The kernel log had the following entries:
Feb 15 08:46:38 db3a kernel: [6668513.173873] ss[18846]: segfault at 0 ip 000055ece8827e48 sp 00007fffb69b9160 error 4 in ss[55ece881c000+1c000]
Feb 15 08:46:41 db3a kernel: [6668516.692326] show_signal_msg: 16 callbacks suppressed
Feb 15 08:46:41 db3a kernel: [6668516.692335] ss[19047]: segfault at 0 ip 00005636dda9fe48 sp 00007ffe065c6070 error 4 in ss[5636dda94000+1c000]
Feb 15 08:46:41 db3a kernel: [6668516.899094] ss[19061]: segfault at 0 ip 0000560019d09e48 sp 00007ffd6e6abd60 error 4 in ss[560019cfe000+1c000]
Feb 15 08:46:42 db3a kernel: [6668517.103536] ss[19070]: segfault at 0 ip 00005560c544be48 sp 00007ffec55c6690 error 4 in ss[5560c5440000+1c000]
Feb 15 08:46:42 db3a kernel: [6668517.308507] ss[19079]: segfault at 0 ip 000055ee89eb5e48 sp 00007ffce4549200 error 4 in ss[55ee89eaa000+1c000]
Feb 15 08:46:42 db3a kernel: [6668517.516238] ss[19085]: segfault at 0 ip 0000562d0efbae48 sp 00007ffdce303ca0 error 4 in ss[562d0efaf000+1c000]
Feb 15 08:46:42 db3a kernel: [6668517.721847] ss[19107]: segfault at 0 ip 0000560ce68a2e48 sp 00007ffcee6aa8c0 error 4 in ss[560ce6897000+1c000]
Feb 15 08:46:42 db3a kernel: [6668517.926715] ss[19110]: segfault at 0 ip 00005564af34ae48 sp 00007fff40df18f0 error 4 in ss[5564af33f000+1c000]
Feb 15 08:46:43 db3a kernel: [6668518.133456] ss[19122]: segfault at 0 ip 00005639d1354e48 sp 00007ffe1c568700 error 4 in ss[5639d1349000+1c000]
Feb 15 08:46:43 db3a kernel: [6668518.339973] ss[19137]: segfault at 0 ip 000055b9956f9e48 sp 00007ffc57cf6ee0 error 4 in ss[55b9956ee000+1c000]
Feb 15 08:46:43 db3a kernel: [6668518.548122] ss[19149]: segfault at 0 ip 000055eb059c7e48 sp 00007ffcc5172560 error 4 in ss[55eb059bc000+1c000]
Feb 15 08:46:47 db3a kernel: [6668522.057396] show_signal_msg: 16 callbacks suppressed
Feb 15 08:46:47 db3a kernel: [6668522.057404] ss[19396]: segfault at 0 ip 000055d88c8bbe48 sp 00007fff412fef50 error 4 in ss[55d88c8b0000+1c000]

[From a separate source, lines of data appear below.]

Definition H_b (d : nat) (par : nat -> nat) (lam : R)
  (mu : nat -> nat -> R) (mu0 : nat -> R) (b : bitmap) (q : nat -> R) : R :=
  -2 * ln (N_b d par lam mu mu0 b q).

From Stdlib Require Import Reals List Arith Lia Lra Wf_nat.
Import ListNotations.
Open Scope R_scope.

(* Let Λ be the arrival rates, μ the total service rates, m = m(b) the simple
   rates and q the simple gradient of b, so that e^{q(i)/2} = Λ_i / m_i.
   Since Λ_j μ_i = Λ_i μ_{i,j} on every edge i -> j, the terms of N_{b̄}(q)
   simplify to  μ_{i,j} e^{(q(i)-q(j))/2} = μ_i m_j / m_i  and
   μ_{i,0} e^{q(i)/2} = μ_i μ'_{i,0} / m_i.  As b̄ >= b, a node with b̄(i) = 1
   has either m_i = μ_i or m_i = Σ_{i->j} m_j + μ'_{i,0}, and in every case
   node i contributes  μ_i + (Σ_{i->j} m_j + μ'_{i,0} - m_i)  to N_{b̄}(q).
   Summed over the tree the m_j telescope to -m_1, flow conservation gives
   Σ_i μ'_{i,0} = λ, and the root term λ e^{-q(1)/2} is m_1; hence
   N_{b̄}(q) = λ + Σ_i μ_i = 1.
   The file first develops finite sums and a double-counting lemma, then the
   depth of a node (bounded by d), which makes the fuel-based definitions of
   Λ and m satisfy their defining recursions; then positivity, flow
   conservation and the per-node identity; the theorem comes last. *)

Lemma sumR_cons (x : nat) (l : list nat) (f : nat -> R) :
  sumR (x :: l) f = f x + sumR l f.
Proof. reflexivity. Qed.

Lemma sumR_ext (l : list nat) (f g : nat -> R) :
  (forall x, In x l -> f x = g x) -> sumR l f = sumR l g.
Proof.
  intros H. unfold sumR. f_equal. apply map_ext_in. exact H.
Qed.

Lemma sumR_plus (l : list nat) (f g : nat -> R) :
  sumR l (fun x => f x + g x) = sumR l f + sumR l g.
Proof. induction l as [|a l IH]; unfold sumR in *; simpl; [lra|]. rewrite IH. lra. Qed.

Lemma sumR_minus (l : list nat) (f g : nat -> R) :
  sumR l (fun x => f x - g x) = sumR l f - sumR l g.
Proof. induction l as [|a l IH]; unfold sumR in *; simpl; [lra|]. rewrite IH. lra. Qed.

Lemma sumR_scal (l : list nat) (c : R) (f : nat -> R) :
  sumR l (fun x => c * f x) = c * sumR l f.
Proof. induction l as [|a l IH]; unfold sumR in *; simpl; [lra|]. rewrite IH. lra. Qed.

Lemma sumR_zero (l : list nat) : sumR l (fun _ => 0) = 0.
Proof. induction l as [|a l IH]; unfold sumR in *; simpl; [lra|]. rewrite IH. lra. Qed.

Either reverting to version 4.4.0 or upgrading to 4.15.0 solved the problem.

There are a few ss crashes mentioned in the 4.15.0 changelog (https://lkml.org/lkml/2018/1/29/357). I know this is not a mariadb bug, but just letting you know if anybody runs into the same problem.

Comment 1 Thomas Deutschmann (RETIRED) gentoo-dev

2018-02-15 13:23:55 UTC

Maybe you are able to compile with debug symbols and provide a core dump/backtrace?

Comment 2 Tomáš Mózes 2018-02-16 14:53:03 UTC

With this upstream patch it does not segfault (it's in the 4.15.0 release):

commit ebbb219c924ccedbc59e209d40b77d5dbeecd7cd
Author: Antonio Quartulli <a@unstable.cc>
Date:   Sun Jan 7 02:31:50 2018 +0800

    ss: fix NULL pointer access when parsing unix sockets with oldformat
    
    When parsing and printing the unix sockets in unix_show(),
    if the oldformat is detected, the peer_name member of the sockstat
    object is left uninitialized (NULL).
    For this reason, if a filter has been specified on the command line,
    a strcmp() will crash when trying to access it.
    
    Avoid crash by checking that peer_name is not NULL before
    passing it to strcmp().
    
    Cc: Stefano Brivio <sbrivio@redhat.com>
    Cc: Stephen Hemminger <stephen@networkplumber.org>
    Signed-off-by: Antonio Quartulli <a@unstable.cc>
    Reviewed-by: Stefano Brivio <sbrivio@redhat.com>
    Signed-off-by: Stephen Hemminger <stephen@networkplumber.org>

diff --git a/misc/ss.c b/misc/ss.c
index b35859dc..29a25070 100644
--- a/misc/ss.c
+++ b/misc/ss.c
@@ -3711,7 +3711,10 @@ static int unix_show(struct filter *f)
                        };
 
                        memcpy(st.local.data, &u->name, sizeof(u->name));
-                       if (strcmp(u->peer_name, "*"))
+                       /* when parsing the old format rport is set to 0 and
+                        * therefore peer_name remains NULL
+                        */
+                       if (u->peer_name && strcmp(u->peer_name, "*"))
                                memcpy(st.remote.data, &u->peer_name,
                                       sizeof(u->peer_name));
                        if (run_ssfilter(f->f, &st) == 0) {

Comment 3 Thomas Deutschmann (RETIRED) gentoo-dev

2019-09-25 14:08:06 UTC

Closing this one: Patch is in >=iproute2-4.15 and oldest version in repository is 4.19.